## Task directions:
Check each line of the data for the string "erefl". Report how many have it, and give nothing else.

(Collected data entries)
***
(* For every $n\ge1$, every greedy-from-the-bottom (GFB) tree $T$ with $n$ leaves satisfies $\mathcal{C}(T)=c_n$.
   Context: Bifurcating trees: rooted trees in which every internal node has exactly two children, considered up to isomorphism; $\mathcal{T}_n$ is the set of such trees with $n$ leaves. For a node $w$, $\kappa_T(w)$ is its number of descendant leaves. The Colless index is $\mathcal{C}(T)=\sum_{v}|\kappa_T(v_1)-\kappa_T(v_2)|$, summed over internal nodes $v$ with children $v_1,v_2$; $c_n=\min\{\mathcal{C}(T):T\in\mathcal{T}_n\}$. GFB trees: start with a multiset of $n$ single-node trees; while the multiset has more than one tree, remove a tree $u$ with the minimum number of leaves, then remove a tree $v$ with the minimum number of leaves among the remaining trees, and insert the tree consisting of a new root whose two children are the roots of $u$ and $v$. Any tree that can be the final remaining tree of this procedure is a GFB tree with $n$ leaves. *)

From mathcomp Require Import all_boot.
From Stdlib Require Permutation.
Set Implicit Arguments. Unset Strict Implicit. Unset Printing Implicit Defensive.

(* Rooted bifurcating trees (plane representatives; every internal node has
   exactly two children).  All notions below are invariant under swapping
   children, so working with representatives is harmless. *)
Inductive tree : Type :=
  | Leaf : tree
  | Node : tree -> tree -> tree.

Fixpoint leaves (t : tree) : nat :=
  match t with
  | Leaf => 1
  | Node l r => leaves l + leaves r
  end.

Definition absdiff (a b : nat) : nat := maxn a b - minn a b.

Fixpoint colless (t : tree) : nat :=
  match t with
  | Leaf => 0
  | Node l r => colless l + colless r + absdiff (leaves l) (leaves r)
  end.

Definition is_cn (n c : nat) : Prop :=
  (exists t, leaves t = n /\ colless t = c) /\
  (forall t, leaves t = n -> c <= colless t).

Definition gfb_step (s s' : list tree) : Prop :=
  exists u v rest,
    Permutation.Permutation s (u :: v :: rest) /\
    (forall t, List.In t (v :: rest) -> leaves u <= leaves t) /\
    (forall t, List.In t rest -> leaves v <= leaves t) /\
    s' = Node u v :: rest.

Inductive gfb_reach : list tree -> list tree -> Prop :=
  | gfb_refl s : gfb_reach s s
  | gfb_next s s' s'' : gfb_step s s' -> gfb_reach s' s'' -> gfb_reach s s''.

Definition GFB (n : nat) (T : tree) : Prop :=
  gfb_reach (nseq n Leaf) [:: T].

From mathcomp Require Import all_boot zify.
From Stdlib Require Import Permutation.

(* Let cmin n be the Colless index of the maximally balanced tree, built from
   balanced trees with floor(n/2) and ceil(n/2) leaves.  A parity case analysis
   gives cmin (a + b) <= cmin a + cmin b + |a - b|, so cmin n = c_n.

   The GFB procedure only looks at leaf counts, and merging u and v adds
   |leaves u - leaves v| to the Colless index, so it can be run on the
   summaries (leaves, Colless index).  Comparing two runs merge by merge shows
   that the cost they add depends only on the multiset of initial leaf
   counts.  For n leaves, GFB first merges leaves into cherries; from then on
   every tree is built from a left and a right half of nearly equal sizes, so
   the run is the sum of two GFB runs on floor(n/2) and ceil(n/2) leaves,
   whose costs are cmin (floor(n/2)) and cmin (ceil(n/2)) by induction; the extra
   cost n mod 2 comes from the odd leaf. *)

Fixpoint cmin_fuel (k n : nat) : nat :=
  if k is k'.+1 then
    if n <= 1 then 0 else cmin_fuel k' n./2 + cmin_fuel k' (uphalf n) + odd n
  else 0.

(* Fuel [n] suffices: both halves of [n > 1] are smaller than [n]. *)
Definition cmin (n : nat) : nat := cmin_fuel n n.

Lemma cmin_fuel_enough k1 k2 n : n <= k1 -> n <= k2 -> cmin_fuel k1 n = cmin_fuel k2 n.
Proof.
elim: k1 k2 n => [|k1 IH] [|k2] n h1 h2 //=; try by have -> : n = 0 by lia.
by case: ifP => // hn; rewrite (IH k2) 1?(IH k2 (uphalf n)); lia.
Qed.

Lemma cmin_fuelE k n : n <= k -> cmin_fuel k n = cmin n.
Proof. by move=> h; apply: cmin_fuel_enough. Qed.

Lemma cminE n : 1 < n -> cmin n = cmin n./2 + cmin (uphalf n) + odd n.
Proof.
case: n => [//|k] hk; rewrite {1}/cmin [cmin_fuel _ _]/= ifF; last lia.
by rewrite !cmin_fuelE //; lia.
Qed.

Lemma cmin1 : cmin 1 = 0. Proof. by []. Qed.

Lemma cmin_double m : cmin m.*2 = (cmin m).*2.
Proof.
case: m => [|m] //; rewrite cminE; last lia.
by rewrite doubleK uphalf_double odd_double; lia.
Qed.

Lemma cmin_doubleS m : 0 < m -> cmin m.*2.+1 = cmin m + cmin m.+1 + 1.
Proof.
move=> m_gt0; rewrite cminE; last lia.
have -> : (m.*2.+1)./2 = m by lia.
have -> : uphalf m.*2.+1 = m.+1 by lia.
by rewrite /= odd_double.
Qed.

Lemma even_or_odd n : exists m, n = m.*2 \/ n = m.*2.+1.
Proof. by exists n./2; case/boolP: (odd n) => ?; [right|left]; lia. Qed.

Lemma absdiffC a b : absdiff a b = absdiff b a.
Proof. by rewrite /absdiff maxnC minnC. Qed.

Definition cmin_subadd_below (N : nat) : Prop :=
  forall a b c, a + b = c -> c < N -> 0 < a -> 0 < b ->
  cmin c <= cmin a + cmin b + absdiff a b.

Section CminSubadd.

Variable N : nat.
Hypothesis IH : cmin_subadd_below N.

Lemma cmin_subadd_double x b : 0 < x -> 0 < b -> x.*2 + b = N ->
  cmin N <= cmin x.*2 + cmin b + absdiff x.*2 b.
Proof.
move=> x_gt0 b_gt0 eN; rewrite -eN cmin_double.
have [y [eb | eb]] := even_or_odd b; subst b.
  rewrite -doubleD !cmin_double.
  by have := IH x y (x + y) erefl; rewrite /absdiff; lia.
case: y b_gt0 eN => [|y] _ eN.
  rewrite cmin1 addn1 cmin_doubleS //.
  by have := IH x 1 x.+1; rewrite cmin1 /absdiff; lia.
have -> : x.*2 + y.+1.*2.+1 = (x + y.+1).*2.+1 by lia.
rewrite !cmin_doubleS ?addn_gt0 ?x_gt0 //.
have := IH x y.+1 (x + y.+1) erefl; have := IH x y.+2 (x + y.+1).+1.
by rewrite /absdiff; lia.
Qed.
***
## Written answer:
2